There can be a number of different reasons for this type of behavior . They can be fearful of strange dogs in general , they could have had a bad previous experience with greeting a strange dog, or they could be under socialized in general. Some dogs that react are not even fearful of other dogs. They simply react out of frustration of not being able to interact when the owner pulls them away. For some dogs ,it can be a case of learned association between seeing other dogs and getting choked by the collar. From the trainers that belong to IPDTA the preferred method to deal with this is like I mentioned D and CC. There are other methods like BAT and CAT. but for your purposes I would recommend D and CC. 
You could work with the dog that reacts first if indeed one is constantly starting the others off.,but chances are each one needs to be worked with individually. Here is how you do this LOL. You get out your wallet , LOL and buy FEISTY FIDO , by Patricia. McConnell at Dogwise (google it) . This is a mini booklet ,and very inexpensive. It is a highly recommended read by some of the best dog trainers anywhere. When your dogs learn WATCH they will be much better mannered and you will be able to walk the three of them together. Yes it's sounds like some work , but you can't change them overnight. They have learned that barking and lunging makes the other scary dogs go away. So you have to work on their manners when on leash. Give it a try. It would be nice to walk them all together. You can do it. Here's the link http://www.dogwise.com/itemdetails.cfm?ID=dtb766


----------



## mellowbo (Aug 12, 2007)

Dave, thanks so much. You won't believe it but I did download that booklet to my kindle, lol, now the big job is to actually read it. 
I think Vinny is also my problem. He over-protects my girls! I am going to add two short video's here for you to review. It is of us visiting my son and his family. His dog, Hope is the golden one that Vinny is herding around. Vinny just keeps other dogs away from me and my girl dogs. He's never aggressive or mean, but as you will see, he makes his point. HELP!!!






and another shorter one


----------



## davetgabby (Dec 29, 2007)

I wouldn't worry too much about your son's dog. His body language is calm enough and so is Vinny's. Have the girls met your son's dog alone.? Looks like your son's dog just wants to check them out. ? If ever in doubt, supervise. Great videos. A picture IS worth a thousand words.


----------



## mellowbo (Aug 12, 2007)

Thanks Dave. No, Hope had not met the "girls" alone. I just wish Vinny would not be so protective.


----------



## davetgabby (Dec 29, 2007)

mellowbo said:


> Dave, the havanese doing the herding is my boy Vinny. He is protecting my 2 female havanese. He won't let my son's dog near them and it is at my son's house.
> Sorry if I didn't state it clearly. Is it OK for Vinny to keep other dogs away from "his" girls?? I think this is why he is so bad on a leash too.
> 
> On edit I guess you did get what I was saying, lol. I just reread what you said.
> No, my son's dog hasn't met the girls without Vinny there.

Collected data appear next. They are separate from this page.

(* Let $\mathcal H$ be a well-structured preconditioner set and $M\in\mathcal S^d_{++}$. Then $\langle M,H\rangle=\langle P_{\mathcal H}(M)^2,H\rangle$ for every $H\in\mathcal H$, and $P_{\mathcal H}(M+\lambda I_d)^2=P_{\mathcal H}(M)^2+\lambda I_d$ for every $\lambda\ge0$.
   Context: $\mathcal S^d_+$ (resp. $\mathcal S^d_{++}$) denotes the set of real symmetric positive semidefinite (resp. positive definite) $d\times d$ matrices; $\langle A,B\rangle=\operatorname{Tr}(A^\top B)$. A set $\mathcal H\subseteq\mathcal S_+^d$ is a well-structured preconditioner set if $\mathcal H=\mathcal S_+^d\cap\mathcal K$ for some set $\mathcal K$ of real $d\times d$ matrices that is closed under scalar multiplication, matrix addition and matrix multiplication and contains the identity $I_d$. For $M\in\mathcal S^d_{++}$, $P_{\mathcal H}(M):=\arg\min_{H\in\mathcal H\cap\mathcal S^d_{++}}\langle M,H^{-1}\rangle+\operatorname{Tr}(H)$ (the minimizer exists and is unique). *)

From HB Require Import structures.
From mathcomp Require Import all_boot all_order all_algebra.
From mathcomp Require Import reals.
Set Implicit Arguments. Unset Strict Implicit. Unset Printing Implicit Defensive.
Import Order.TTheory GRing.Theory Num.Theory.
Local Open Scope ring_scope.

Section Defs.
Variables (R : realType) (d : nat).

Definition frob (A B : 'M[R]_d) : R := \tr (A^T *m B).

Definition psd (A : 'M[R]_d) : Prop :=
  A^T = A /\ forall x : 'cV[R]_d, 0 <= (x^T *m A *m x) 0 0.
Definition pd (A : 'M[R]_d) : Prop :=
  A^T = A /\ forall x : 'cV[R]_d, x != 0 -> 0 < (x^T *m A *m x) 0 0.

Definition well_structured (Hs : 'M[R]_d -> Prop) : Prop :=
  exists K : 'M[R]_d -> Prop,
    [/\ forall (a : R) A, K A -> K (a *: A),
        forall A B, K A -> K B -> K (A + B),
        forall A B, K A -> K B -> K (A *m B),
        K 1%:M
      & forall H, Hs H <-> (psd H /\ K H)].

Definition is_PH (Hs : 'M[R]_d -> Prop) (M P : 'M[R]_d) : Prop :=
  [/\ Hs P, pd P &
      forall Q, Hs Q -> pd Q ->
        frob M (invmx P) + \tr P <= frob M (invmx Q) + \tr Q].

End Defs.

From HB Require Import structures.
From mathcomp Require Import all_boot all_order all_algebra.
From mathcomp Require Import reals.
From mathcomp Require Import ring lra.
Import Order.TTheory GRing.Theory Num.Theory.
Local Open Scope ring_scope.
Set Implicit Arguments. Unset Strict Implicit. Unset Printing Implicit Defensive.
(* Let $p>3$ be a prime, let $G=\mathbb{Z}/p\mathbb{Z}$, and let $U=u_1u_2u_3$ and $V=v_1v_2v_3$ be sequences over $G$ each consisting of three distinct elements. Let $U\cdot V=\{\sum_{i=1}^3 u_i v_{\sigma(i)} : \sigma \text{ a permutation of } \{1,2,3\}\}\subseteq G$. Then $|U\cdot V|\geq 4$. Furthermore, if $p>7$ and $|U\cdot V|=4$, then $U\cdot V$ is not an arithmetic progression, and either both $\{u_1,u_2,u_3\}$ and $\{v_1,v_2,v_3\}$ are arithmetic progressions, or else there exist affine transformations $\varphi,\psi$ of $G$ (maps $z\mapsto \alpha z+\beta$ with $\alpha,\beta\in G$, $\alpha\neq 0$) such that $\varphi(\{u_1,u_2,u_3\})=\{0,1,x\}$ and $\psi(\{v_1,v_2,v_3\})=\{0,1,y\}$, where $x$ and $y$ are the two distinct roots of $z^2-z+1$ in $\mathbb{Z}/p\mathbb{Z}$.
   Context: A subset $A\subseteq \mathbb{Z}/p\mathbb{Z}$ is an arithmetic progression if $A=\{a,a+d,\ldots,a+(k-1)d\}$ for some $a\in \mathbb{Z}/p\mathbb{Z}$, some nonzero $d$ (the difference), and $k=|A|$. Multiplication is that of the ring $\mathbb{Z}/p\mathbb{Z}$. *)

From mathcomp Require Import all_boot all_order all_algebra all_fingroup.
Set Implicit Arguments. Unset Strict Implicit. Unset Printing Implicit Defensive.
Import GRing.Theory.
Local Open Scope ring_scope.

Definition prodset (R : finNzRingType) (u v : 'I_3 -> R) : {set R} :=
  [set \sum_(i < 3) u i * v (s i) | s : 'S_3].

Definition is_AP (R : finNzRingType) (A : {set R}) : Prop :=
  exists a d : R, d != 0 /\ A = [set a + (val i)%:R * d | i : 'I_#|A|].

Definition affine_image (R : finNzRingType) (alpha beta : R) (A : {set R}) : {set R} :=
  [set alpha * z + beta | z in A].

From mathcomp Require Import all_boot all_order all_algebra all_fingroup.
From mathcomp Require Import ring zify.

(* Affine changes of the u_i and of the v_j act on U.V by affine maps, so we may
   assume U = {0, 1, x} and V = {0, 1, y} with x, y outside {0, 1}.  Then U.V is
   the disjoint union of the triples {1, xy, x + y} and {x, y, 1 + xy}.  A triple
   collapses to a point only when x is a root of z^2 - z + 1 and y is 1 - x or x,
   and then the other triple has three elements; hence |U.V| >= 4.  When
   |U.V| = 4 and no triple collapses, each triple has exactly one coincidence, and
   the nine possible pairs of coincidences force x, y in {2, -1, 1/2}, i.e. U and V
   are progressions.  In each case U.V is then an explicit set of integer
   combinations a + b x, and a three-term progression in it would make a nonzero
   integer of absolute value below 10 vanish modulo p: the defect itself, or its
   norm a^2 + ab + b^2 when x is a root of z^2 - z + 1.  This is impossible for a
   prime p > 7. *)

Set Implicit Arguments.
Unset Strict Implicit.

Import GRing.Theory.
Local Open Scope ring_scope.

Lemma prime_gt10_of_gt7 p : prime p -> (7 < p)%N -> (10 < p)%N.
Proof.
move=> p_pr p7; rewrite ltnNge; apply/negP => p10.
have : [|| p == 8, p == 9 | p == 10]%N by lia.
by case/or3P=> /eqP pE; rewrite pE in p_pr.
Qed.

Lemma neq_of_subr (V : zmodType) (a b c : V) : a - b = c -> c != 0 -> a != b.
Proof. by move=> abc c0; rewrite -subr_eq0 abc. Qed.

Lemma sqr_eq1_neq1 (R : idomainType) (z : R) : z != 1 -> z * z = 1 -> z = -1.
Proof. by move=> z1 /eqP; rewrite -expr2 sqrf_eq1 (negbTE z1) => /eqP. Qed.

Lemma sqr_eq_double (R : idomainType) (z : R) : z != 0 -> z * z = z + z -> z = 2%:R.
Proof. by move=> z0 zz; apply: (mulfI z0); rewrite zz mulr_natr mulr2n. Qed.

Definition o0 : 'I_3 := @Ordinal 3 0 isT.
Definition o1 : 'I_3 := @Ordinal 3 1 isT.
Definition o2 : 'I_3 := @Ordinal 3 2 isT.

Lemma ord3P (i : 'I_3) : [\/ i = o0, i = o1 | i = o2].
Proof.
by case: i => [[|[|[|//]]] lti]; [apply: Or31 | apply: Or32 | apply: Or33]; apply: val_inj.
Qed.

Lemma big_ord3 (R : nmodType) (F : 'I_3 -> R) : \sum_(i < 3) F i = F o0 + F o1 + F o2.
Proof.
by rewrite !big_ord_recl big_ord0 addr0 addrA; congr (F _ + F _ + F _); apply: val_inj.
Qed.

Lemma imset_ord3 (T : finType) (f : 'I_3 -> T) :
  [set f i | i : 'I_3] = [set f o0; f o1; f o2].
Proof.
apply/setP => z; rewrite !inE; apply/imsetP/idP => [[i _ ->]|].
  by case: (ord3P i) => ->; rewrite eqxx ?orbT.
by rewrite -orbA => /or3P[] /eqP ->; eexists.
Qed.

Lemma perm_ord3 (j k : 'I_3) : j != k -> exists s : 'S_3, s o1 = j /\ s o2 = k.
Proof.
move=> jk; set a := tperm o1 j o2.
exists (tperm o1 j * tperm a k)%g; rewrite !permM tpermL -/a tpermL; split => //.
apply: tpermD; last by rewrite eq_sym.
by rewrite -[X in _ != X](tpermL o1 j) (inj_eq perm_inj).
Qed.

Lemma set3_rot (T : finType) (a b c : T) : [set a; b; c] = [set c; a; b].
Proof. by apply/setP => z; rewrite !inE; do 3 case: (z == _). Qed.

Yeah I hear you. I was just commenting on the videos alone. It is a form of resource guarding . But once your son's dog has met the girls he will probably give up trying to get near them. See if you can do this. Without getting onto another topic, that is the sort of thing that will help with his protective nature. Try to introduce them to other dogs that you know are friendly, and once Vinny sees that there is no danger he will not feel the need to protect as much . I will get back to you on this. But MINE ,by Jean Donaldson is the best book on resource guarding.


----------



## mellowbo (Aug 12, 2007)

Dave, thank you so much. I know how busy you must be. You're right, this is another topic.


----------